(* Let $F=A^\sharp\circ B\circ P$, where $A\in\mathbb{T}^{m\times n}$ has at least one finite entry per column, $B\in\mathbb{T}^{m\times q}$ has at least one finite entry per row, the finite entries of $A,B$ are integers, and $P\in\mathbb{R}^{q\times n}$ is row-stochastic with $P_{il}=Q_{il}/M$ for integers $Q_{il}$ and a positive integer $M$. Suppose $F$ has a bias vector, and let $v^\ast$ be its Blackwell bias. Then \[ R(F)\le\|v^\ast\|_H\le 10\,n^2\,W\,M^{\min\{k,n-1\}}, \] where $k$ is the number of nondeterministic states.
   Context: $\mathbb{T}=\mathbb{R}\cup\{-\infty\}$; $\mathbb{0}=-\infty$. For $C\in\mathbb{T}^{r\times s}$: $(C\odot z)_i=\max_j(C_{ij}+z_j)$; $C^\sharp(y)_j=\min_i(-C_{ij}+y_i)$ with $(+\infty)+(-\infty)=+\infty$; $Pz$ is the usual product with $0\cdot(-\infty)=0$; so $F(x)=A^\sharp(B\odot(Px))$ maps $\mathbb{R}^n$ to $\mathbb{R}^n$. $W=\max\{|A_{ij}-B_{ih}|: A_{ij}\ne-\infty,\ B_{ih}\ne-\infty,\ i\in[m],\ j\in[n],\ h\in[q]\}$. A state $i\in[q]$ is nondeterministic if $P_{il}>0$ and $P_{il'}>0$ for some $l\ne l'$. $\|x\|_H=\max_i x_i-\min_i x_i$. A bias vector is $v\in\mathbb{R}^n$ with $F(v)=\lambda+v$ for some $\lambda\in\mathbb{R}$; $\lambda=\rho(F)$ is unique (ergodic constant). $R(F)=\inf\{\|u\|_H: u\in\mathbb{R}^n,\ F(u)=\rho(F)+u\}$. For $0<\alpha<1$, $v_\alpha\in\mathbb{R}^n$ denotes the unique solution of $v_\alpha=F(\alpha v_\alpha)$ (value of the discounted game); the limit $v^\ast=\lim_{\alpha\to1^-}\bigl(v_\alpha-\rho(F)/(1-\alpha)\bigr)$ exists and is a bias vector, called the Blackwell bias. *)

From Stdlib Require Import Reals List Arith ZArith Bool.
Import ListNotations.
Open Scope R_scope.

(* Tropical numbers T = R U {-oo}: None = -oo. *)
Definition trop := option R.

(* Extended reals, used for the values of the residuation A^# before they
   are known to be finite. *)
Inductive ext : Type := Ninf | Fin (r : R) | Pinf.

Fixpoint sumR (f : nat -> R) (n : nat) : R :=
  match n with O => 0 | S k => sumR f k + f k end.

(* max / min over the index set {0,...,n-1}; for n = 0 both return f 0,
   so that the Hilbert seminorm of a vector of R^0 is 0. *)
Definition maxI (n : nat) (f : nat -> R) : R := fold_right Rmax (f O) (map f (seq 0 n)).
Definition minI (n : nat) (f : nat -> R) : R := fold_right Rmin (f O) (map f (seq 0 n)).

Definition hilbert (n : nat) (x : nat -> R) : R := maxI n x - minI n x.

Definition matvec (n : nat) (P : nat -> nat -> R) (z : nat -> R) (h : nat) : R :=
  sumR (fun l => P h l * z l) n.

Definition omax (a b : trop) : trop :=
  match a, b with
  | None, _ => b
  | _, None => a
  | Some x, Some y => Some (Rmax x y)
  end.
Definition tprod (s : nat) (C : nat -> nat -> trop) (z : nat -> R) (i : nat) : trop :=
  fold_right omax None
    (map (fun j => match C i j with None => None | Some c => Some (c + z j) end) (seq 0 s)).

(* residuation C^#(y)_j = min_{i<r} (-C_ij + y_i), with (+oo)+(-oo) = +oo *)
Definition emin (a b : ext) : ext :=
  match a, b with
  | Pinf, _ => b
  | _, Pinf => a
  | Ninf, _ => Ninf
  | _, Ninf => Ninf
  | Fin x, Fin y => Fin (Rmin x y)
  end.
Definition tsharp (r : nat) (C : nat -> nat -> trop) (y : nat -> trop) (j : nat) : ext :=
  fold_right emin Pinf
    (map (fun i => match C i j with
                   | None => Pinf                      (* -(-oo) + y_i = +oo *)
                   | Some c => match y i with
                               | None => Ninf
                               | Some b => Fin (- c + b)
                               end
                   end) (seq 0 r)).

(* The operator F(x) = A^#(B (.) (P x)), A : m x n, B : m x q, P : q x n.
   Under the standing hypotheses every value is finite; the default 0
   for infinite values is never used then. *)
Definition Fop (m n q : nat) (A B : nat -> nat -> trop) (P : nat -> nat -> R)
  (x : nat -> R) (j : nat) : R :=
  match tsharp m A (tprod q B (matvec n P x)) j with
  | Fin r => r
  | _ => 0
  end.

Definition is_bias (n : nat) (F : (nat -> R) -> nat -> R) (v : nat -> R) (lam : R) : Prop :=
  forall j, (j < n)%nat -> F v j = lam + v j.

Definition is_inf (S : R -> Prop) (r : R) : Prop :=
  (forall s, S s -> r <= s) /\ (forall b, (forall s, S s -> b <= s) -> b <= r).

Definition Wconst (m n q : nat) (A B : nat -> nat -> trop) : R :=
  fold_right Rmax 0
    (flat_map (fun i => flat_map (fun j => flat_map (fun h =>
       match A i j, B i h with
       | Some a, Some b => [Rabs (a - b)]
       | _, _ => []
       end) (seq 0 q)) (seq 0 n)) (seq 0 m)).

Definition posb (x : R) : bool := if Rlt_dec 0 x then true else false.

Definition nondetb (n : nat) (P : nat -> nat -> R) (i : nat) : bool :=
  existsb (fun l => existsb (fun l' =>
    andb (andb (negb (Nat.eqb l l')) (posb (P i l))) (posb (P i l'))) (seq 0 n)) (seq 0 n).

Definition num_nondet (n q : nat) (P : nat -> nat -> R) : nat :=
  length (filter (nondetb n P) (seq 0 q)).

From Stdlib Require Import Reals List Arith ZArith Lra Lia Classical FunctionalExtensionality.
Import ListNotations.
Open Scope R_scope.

...

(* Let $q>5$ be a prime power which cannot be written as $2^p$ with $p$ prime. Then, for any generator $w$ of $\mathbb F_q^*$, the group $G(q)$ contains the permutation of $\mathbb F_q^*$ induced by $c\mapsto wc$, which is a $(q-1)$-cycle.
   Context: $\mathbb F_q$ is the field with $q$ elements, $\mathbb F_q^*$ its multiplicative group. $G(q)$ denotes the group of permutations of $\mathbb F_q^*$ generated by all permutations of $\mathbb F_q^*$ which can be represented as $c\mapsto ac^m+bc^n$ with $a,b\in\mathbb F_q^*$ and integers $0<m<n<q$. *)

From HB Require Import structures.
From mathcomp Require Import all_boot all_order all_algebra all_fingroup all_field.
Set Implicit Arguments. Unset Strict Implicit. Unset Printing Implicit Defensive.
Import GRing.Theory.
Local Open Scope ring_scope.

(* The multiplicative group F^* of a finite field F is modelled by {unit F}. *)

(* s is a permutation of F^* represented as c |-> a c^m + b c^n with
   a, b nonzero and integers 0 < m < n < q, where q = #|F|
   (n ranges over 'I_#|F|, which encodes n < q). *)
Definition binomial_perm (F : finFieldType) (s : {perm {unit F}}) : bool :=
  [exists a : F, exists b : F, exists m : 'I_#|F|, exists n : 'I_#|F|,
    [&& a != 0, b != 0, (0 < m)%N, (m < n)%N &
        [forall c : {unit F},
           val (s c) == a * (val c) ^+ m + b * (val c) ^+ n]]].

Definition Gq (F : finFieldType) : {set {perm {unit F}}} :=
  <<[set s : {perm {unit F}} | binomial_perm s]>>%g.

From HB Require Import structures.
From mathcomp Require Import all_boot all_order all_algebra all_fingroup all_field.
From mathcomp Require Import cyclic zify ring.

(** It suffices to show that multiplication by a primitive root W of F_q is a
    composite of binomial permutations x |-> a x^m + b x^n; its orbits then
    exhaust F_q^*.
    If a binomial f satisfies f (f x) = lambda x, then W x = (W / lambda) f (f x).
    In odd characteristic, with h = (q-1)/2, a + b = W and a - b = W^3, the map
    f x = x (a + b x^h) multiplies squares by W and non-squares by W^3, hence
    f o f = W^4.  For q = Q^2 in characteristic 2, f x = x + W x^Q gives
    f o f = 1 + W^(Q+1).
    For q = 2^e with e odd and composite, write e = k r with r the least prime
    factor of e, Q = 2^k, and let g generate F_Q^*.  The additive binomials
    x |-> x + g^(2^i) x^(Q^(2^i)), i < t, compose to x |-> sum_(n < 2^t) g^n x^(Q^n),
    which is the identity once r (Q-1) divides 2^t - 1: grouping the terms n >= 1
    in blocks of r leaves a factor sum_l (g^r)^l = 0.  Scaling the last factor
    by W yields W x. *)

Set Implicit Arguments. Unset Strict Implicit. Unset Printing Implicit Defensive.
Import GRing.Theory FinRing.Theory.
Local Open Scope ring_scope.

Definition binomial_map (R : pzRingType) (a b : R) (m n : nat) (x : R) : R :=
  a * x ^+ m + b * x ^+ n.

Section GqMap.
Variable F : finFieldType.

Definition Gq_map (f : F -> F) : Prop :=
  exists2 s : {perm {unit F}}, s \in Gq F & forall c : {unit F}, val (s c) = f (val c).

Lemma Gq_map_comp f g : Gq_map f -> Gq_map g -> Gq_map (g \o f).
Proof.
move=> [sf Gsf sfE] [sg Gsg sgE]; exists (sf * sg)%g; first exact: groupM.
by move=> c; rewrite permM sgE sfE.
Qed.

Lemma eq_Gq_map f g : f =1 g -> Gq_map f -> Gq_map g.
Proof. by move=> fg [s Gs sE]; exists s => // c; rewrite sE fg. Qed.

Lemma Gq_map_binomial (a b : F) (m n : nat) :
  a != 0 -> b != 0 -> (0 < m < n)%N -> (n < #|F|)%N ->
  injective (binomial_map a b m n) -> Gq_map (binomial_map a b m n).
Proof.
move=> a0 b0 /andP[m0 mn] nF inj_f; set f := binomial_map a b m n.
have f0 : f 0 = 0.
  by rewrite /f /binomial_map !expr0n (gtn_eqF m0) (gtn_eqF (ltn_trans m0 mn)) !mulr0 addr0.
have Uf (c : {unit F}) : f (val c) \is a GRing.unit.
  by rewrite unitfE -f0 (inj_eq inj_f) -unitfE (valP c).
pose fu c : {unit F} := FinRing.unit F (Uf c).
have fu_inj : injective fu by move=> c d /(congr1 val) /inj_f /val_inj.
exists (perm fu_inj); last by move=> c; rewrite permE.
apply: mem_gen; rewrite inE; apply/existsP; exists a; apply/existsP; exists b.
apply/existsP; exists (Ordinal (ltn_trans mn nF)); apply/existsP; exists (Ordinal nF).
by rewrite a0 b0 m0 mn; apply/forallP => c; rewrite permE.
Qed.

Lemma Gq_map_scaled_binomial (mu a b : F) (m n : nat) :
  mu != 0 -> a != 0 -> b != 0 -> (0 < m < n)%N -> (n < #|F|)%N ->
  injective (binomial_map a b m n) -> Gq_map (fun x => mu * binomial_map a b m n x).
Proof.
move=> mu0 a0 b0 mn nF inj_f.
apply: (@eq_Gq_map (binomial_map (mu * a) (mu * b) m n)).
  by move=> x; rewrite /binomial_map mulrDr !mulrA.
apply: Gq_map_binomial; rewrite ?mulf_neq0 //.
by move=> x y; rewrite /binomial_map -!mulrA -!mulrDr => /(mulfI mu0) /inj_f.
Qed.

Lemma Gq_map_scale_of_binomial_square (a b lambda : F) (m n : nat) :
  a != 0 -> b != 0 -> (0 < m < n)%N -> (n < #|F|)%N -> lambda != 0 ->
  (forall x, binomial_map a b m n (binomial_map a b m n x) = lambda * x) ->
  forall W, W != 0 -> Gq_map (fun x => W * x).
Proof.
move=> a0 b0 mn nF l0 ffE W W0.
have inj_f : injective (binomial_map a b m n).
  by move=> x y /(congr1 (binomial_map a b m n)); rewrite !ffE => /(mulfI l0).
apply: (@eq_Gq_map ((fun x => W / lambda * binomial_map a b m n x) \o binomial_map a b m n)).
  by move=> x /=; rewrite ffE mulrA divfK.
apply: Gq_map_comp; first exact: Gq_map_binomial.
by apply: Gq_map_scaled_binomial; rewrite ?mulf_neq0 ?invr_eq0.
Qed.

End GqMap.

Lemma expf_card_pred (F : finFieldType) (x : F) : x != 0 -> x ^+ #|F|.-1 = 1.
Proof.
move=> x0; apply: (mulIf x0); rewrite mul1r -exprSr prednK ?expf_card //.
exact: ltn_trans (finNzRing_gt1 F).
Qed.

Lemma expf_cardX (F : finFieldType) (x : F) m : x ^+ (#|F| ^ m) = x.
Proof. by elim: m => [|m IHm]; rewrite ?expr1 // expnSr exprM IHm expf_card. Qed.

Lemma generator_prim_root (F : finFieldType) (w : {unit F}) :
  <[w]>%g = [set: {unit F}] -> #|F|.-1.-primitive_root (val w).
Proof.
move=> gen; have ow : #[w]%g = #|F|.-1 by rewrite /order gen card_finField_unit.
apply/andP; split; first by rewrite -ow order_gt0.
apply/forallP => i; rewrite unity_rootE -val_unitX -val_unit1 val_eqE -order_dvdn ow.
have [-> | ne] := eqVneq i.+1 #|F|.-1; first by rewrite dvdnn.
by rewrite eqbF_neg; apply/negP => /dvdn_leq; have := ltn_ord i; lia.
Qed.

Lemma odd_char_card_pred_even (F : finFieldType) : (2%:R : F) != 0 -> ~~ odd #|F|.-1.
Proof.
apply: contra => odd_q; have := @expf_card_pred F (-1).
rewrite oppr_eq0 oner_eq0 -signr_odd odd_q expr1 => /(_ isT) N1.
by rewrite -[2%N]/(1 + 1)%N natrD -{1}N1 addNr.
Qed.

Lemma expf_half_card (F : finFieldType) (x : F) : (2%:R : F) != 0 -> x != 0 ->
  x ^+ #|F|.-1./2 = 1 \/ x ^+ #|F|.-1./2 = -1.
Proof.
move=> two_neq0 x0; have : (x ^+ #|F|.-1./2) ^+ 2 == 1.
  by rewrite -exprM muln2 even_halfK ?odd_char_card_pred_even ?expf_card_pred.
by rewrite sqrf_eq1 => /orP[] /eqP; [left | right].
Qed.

== Problem details ==
Your answer should consist only of the lines above between the line holding "Import GRing.Theory FinRing.Theory." and the line holding "Lemma Gq_map_scale_of_binomial_square (a", inclusive, each transcribed exactly.

== Written reply ==
Import GRing.Theory FinRing.Theory.
Local Open Scope ring_scope.

Definition binomial_map (R : pzRingType) (a b : R) (m n : nat) (x : R) : R :=
  a * x ^+ m + b * x ^+ n.

Section GqMap.
Variable F : finFieldType.

Definition Gq_map (f : F -> F) : Prop :=
  exists2 s : {perm {unit F}}, s \in Gq F & forall c : {unit F}, val (s c) = f (val c).

Lemma Gq_map_comp f g : Gq_map f -> Gq_map g -> Gq_map (g \o f).
Proof.
move=> [sf Gsf sfE] [sg Gsg sgE]; exists (sf * sg)%g; first exact: groupM.
by move=> c; rewrite permM sgE sfE.
Qed.

Lemma eq_Gq_map f g : f =1 g -> Gq_map f -> Gq_map g.
Proof. by move=> fg [s Gs sE]; exists s => // c; rewrite sE fg. Qed.

Lemma Gq_map_binomial (a b : F) (m n : nat) :
  a != 0 -> b != 0 -> (0 < m < n)%N -> (n < #|F|)%N ->
  injective (binomial_map a b m n) -> Gq_map (binomial_map a b m n).
Proof.
move=> a0 b0 /andP[m0 mn] nF inj_f; set f := binomial_map a b m n.
have f0 : f 0 = 0.
  by rewrite /f /binomial_map !expr0n (gtn_eqF m0) (gtn_eqF (ltn_trans m0 mn)) !mulr0 addr0.
have Uf (c : {unit F}) : f (val c) \is a GRing.unit.
  by rewrite unitfE -f0 (inj_eq inj_f) -unitfE (valP c).
pose fu c : {unit F} := FinRing.unit F (Uf c).
have fu_inj : injective fu by move=> c d /(congr1 val) /inj_f /val_inj.
exists (perm fu_inj); last by move=> c; rewrite permE.
apply: mem_gen; rewrite inE; apply/existsP; exists a; apply/existsP; exists b.
apply/existsP; exists (Ordinal (ltn_trans mn nF)); apply/existsP; exists (Ordinal nF).
by rewrite a0 b0 m0 mn; apply/forallP => c; rewrite permE.
Qed.

Lemma Gq_map_scaled_binomial (mu a b : F) (m n : nat) :
  mu != 0 -> a != 0 -> b != 0 -> (0 < m < n)%N -> (n < #|F|)%N ->
  injective (binomial_map a b m n) -> Gq_map (fun x => mu * binomial_map a b m n x).
Proof.
move=> mu0 a0 b0 mn nF inj_f.
apply: (@eq_Gq_map (binomial_map (mu * a) (mu * b) m n)).
  by move=> x; rewrite /binomial_map mulrDr !mulrA.
apply: Gq_map_binomial; rewrite ?mulf_neq0 //.
by move=> x y; rewrite /binomial_map -!mulrA -!mulrDr => /(mulfI mu0) /inj_f.
Qed.

Lemma Gq_map_scale_of_binomial_square (a b lambda : F) (m n : nat) :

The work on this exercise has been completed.